Viele Studierende ziehen bei der Wahl ihrer Hochschule eines der in Deutschland veröffentlichten Unirankings zu Rate. Im Folgenden sollen die vier wichtigsten Rankings in Deutschland vorgestellt werden. Mit Blick auf die Rankings des Jahres 2009 war die Rechtswissenschaftliche Fakultät Münster zweifach „spitze“!
Wirtschaftswoche 2010

534 Personalleiter wählten anhand eines detaillierten Fragebogens die anerkanntesten Hochschulen Deutschlands. Das Jurastudium an der Universität Münster genießt in der Wirtschaft einen hervorragenden Ruf und belegte zusammen mit der Universität München Platz 1 des Rankings - ein absolutes Spitzenergebnis! Und vor allem erneut eine Verbesserung um einen Platz im Vergleich zum Vorjahr! Auf den Plätzen drei und vier folgen Hamburg (Bucerius) und Heidelberg.
Methode des Rankings:
534 Personalchefs der größten deutschen Unternehmen - 66,1% stammten aus einer Firma mit mehr als 1000 Mitarbeitern - wurden nach den von ihnen bevorzugten Universitäten und Abschlüssen befragt. Im Fokus stehen im Gegensatz zu anderen Rankings nicht die Qualität von Studienbedingungen und Forschung, sondern vor allem die Praxisrelevanz und damit die Qualifikation der Absolventen für den Berufseinstieg.
WirtschaftsWoche, Handelsblatt und Junge Karriere 2009

Im Hochschulranking von Handelsblatt, WirtschaftsWoche und Junge Karriere erreichte die Rechtswissenschaftliche Fakultät 2009 den zweiten Platz. Das ist nicht nur ein absoluter Spitzenplatz, sondern bedeutet auch eine Verbesserung um gleich zwei Plätze im Vergleich zum Vorjahr. Besser schnitt nur die LMU München ab, die im vergangenen Jahr noch gemeinsam mit Münster auf Rang vier gelegen hatte. Beide Fakultäten konnten die Unis in Heidelberg und Freiburg sowie die private Bucerius Law School Hamburg überholen.
Methode des Rankings:
Rund 5000 deutsche Personalchefs werden jährlich nach den von ihnen bevorzugten Universitäten und Abschlüssen befragt. Im Fokus stehen im Gegensatz zu anderen Rankings nicht die Qualität von Studienbedingungen und Forschung, sondern vor allem die Praxisrelevanz und damit die Qualifikation der Absolventen für den Berufseinstieg.
CHE/Zeit 2009

Im Mai 2009 konnte die Rechtswissenschaftliche Fakultät ihre gute Position im viel beachteten Ranking des Centrums für Hochschulentwicklung (CHE) in Kooperation mit der ZEIT behaupten. Wie bereits 2008 liegt Münster insbesondere in den Bereichen Studiensituation insgesamt, Bibliotheksausstattung und Forschungsfelder an der Spitze.
Methode des Rankings:
Das CHE-Ranking umfasst mehrere Bereiche und ist das derzeit detaillierteste im deutschsprachigen Raum.

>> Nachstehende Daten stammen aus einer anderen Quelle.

Lemma dotvZr k u w : dotv w (k *: u) = k * dotv w u.
Proof. by rewrite !(dotvC w) dotvZl. Qed.

Lemma dotvBr u v w : dotv w (u - v) = dotv w u - dotv w v.
Proof. by rewrite !(dotvC w) dotvBl. Qed.

Lemma dotv0r w : dotv w 0 = 0.
Proof. by rewrite -(scale0r 0) dotvZr mul0r. Qed.

Lemma dotvv_ge0 v : 0 <= dotv v v.
Proof. by apply: sumr_ge0 => j _; rewrite -expr2 sqr_ge0. Qed.

Lemma dotvv_eq0 v : dotv v v = 0 -> v = 0.
Proof.
move=> /eqP; rewrite psumr_eq0 => [/allP vv0|j _]; last by rewrite -expr2 sqr_ge0.
by apply/rowP => j; apply/eqP; rewrite mxE -sqrf_eq0 expr2 (eqP (vv0 j _)) ?mem_index_enum.
Qed.

Lemma dotv_mulmx d (u : 'rV[R]_d) (A : 'M[R]_(d, n)) w :
  dotv (u *m A) w = dotv u (w *m A^T).
Proof.
have dotvE m (a b : 'rV[R]_m) : dotv a b = (a *m b^T) 0 0.
  by rewrite !mxE; apply: eq_bigr => j _; rewrite !mxE.
by rewrite !dotvE trmx_mul trmxK mulmxA.
Qed.

End Dot.

Section OrthogonalProjection.
Variables (R : realType) (n : nat).
Implicit Types (u v w : 'rV[R]_n) (X : seq 'rV[R]_n).

(* One Gram-Schmidt step: correct the projection [p] of [v] on [<<X>>] along
   the component [r] of [x] orthogonal to [<<X>>]. *)
Lemma orthproj_span_exists X v :
  exists2 w, w \in <<X>>%VS & forall l, l \in <<X>>%VS -> dotv (v - w) l = 0.
Proof.
elim: X v => [|x X IH] v.
  exists 0; first by rewrite mem0v.
  by move=> l; rewrite span_nil memv0 => /eqP ->; rewrite dotv0r.
have [p Xp vp_perp] := IH v; have [q Xq xq_perp] := IH x.
pose r := x - q; pose c := dotv (v - p) r / dotv r r.
have c_def : dotv (v - p) r = c * dotv r r.
  have [/dotvv_eq0 r0|r0] := eqVneq (dotv r r) 0; last by rewrite mulfVK.
  by rewrite r0 !dotv0r mulr0.
have XxX : (<<X>> <= <<x :: X>>)%VS by rewrite span_cons addvSr.
exists (p + c *: r).
  have xX : x \in <<x :: X>>%VS by rewrite memv_span ?mem_head.
  by rewrite memvD ?memvZ ?memvB //; apply: (subvP XxX).
have perp_X l : l \in <<X>>%VS -> dotv (v - (p + c *: r)) l = 0.
  by move=> Xl; rewrite opprD addrA dotvBl dotvZl vp_perp // xq_perp // mulr0 subr0.
move=> l; rewrite span_cons => /memv_addP [_ /vlineP [k ->] [l' Xl' ->]].
rewrite dotvDr (perp_X l') // addr0 dotvZr -[x](subrK q) -/r dotvDr (perp_X q) //.
by rewrite addr0 opprD addrA dotvBl dotvZl c_def subrr mulr0.
Qed.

Es setzt sich aus selbst erhobenen Fakten, Befragungen von Studierenden und Professoren zusammen. In das Ranking 2009/2010 gingen die Urteile von rund 200.000 Studierenden und 15.000 Professoren ein. Für das Jura-Ranking wurden 20 unterschiedliche Bewertungskriterien, wie z.B. die Höhe der Forschungsgelder, Beurteilung der Universitätskriterien, Studierendenzahlen oder die Reputation in Studium und Lehre miteinbezogen.
Focus 2007

Beim Focus-Ranking des Jahres 2007 belegte die Fakultät Platz vier und war damit auch hier Beste in NRW.
Methode des Rankings:
Der Platz im Ranking errechnet sich aus den Ergebnissen der Einzelkategorien für Forschung und Lehre. Jedes Ergebnis bekommt einen Punktwert von null bis 100. Je nach Anzahl der Kriterien sind Forschungs- und Lehrscore daher unterschiedlich gewichtet.
In die Bewertung der Lehre flossen ein: Reputation bei Wissenschaftlern, Urteil von Personalverantwortlichen, Betreuungsrelation und Studiendauer. Für das Kriterium Forschung wurde untersucht: Reputation bei Wissenschaftlern, Promotionsquote und Drittmittelrelation.
Capital 2005

Zuletzt im Jahr 2005 wurde das Ranking von Capital veröffentlicht. Münster belegte hier Platz 3 hinter München und Heidelberg.
Methode des Rankings:
Auch hier zählten Reputation, Drittmittelquote, Fachstudiendauer, Betreuungsrelation und Befragung von Personalchefs zu den Bewertungskriterien.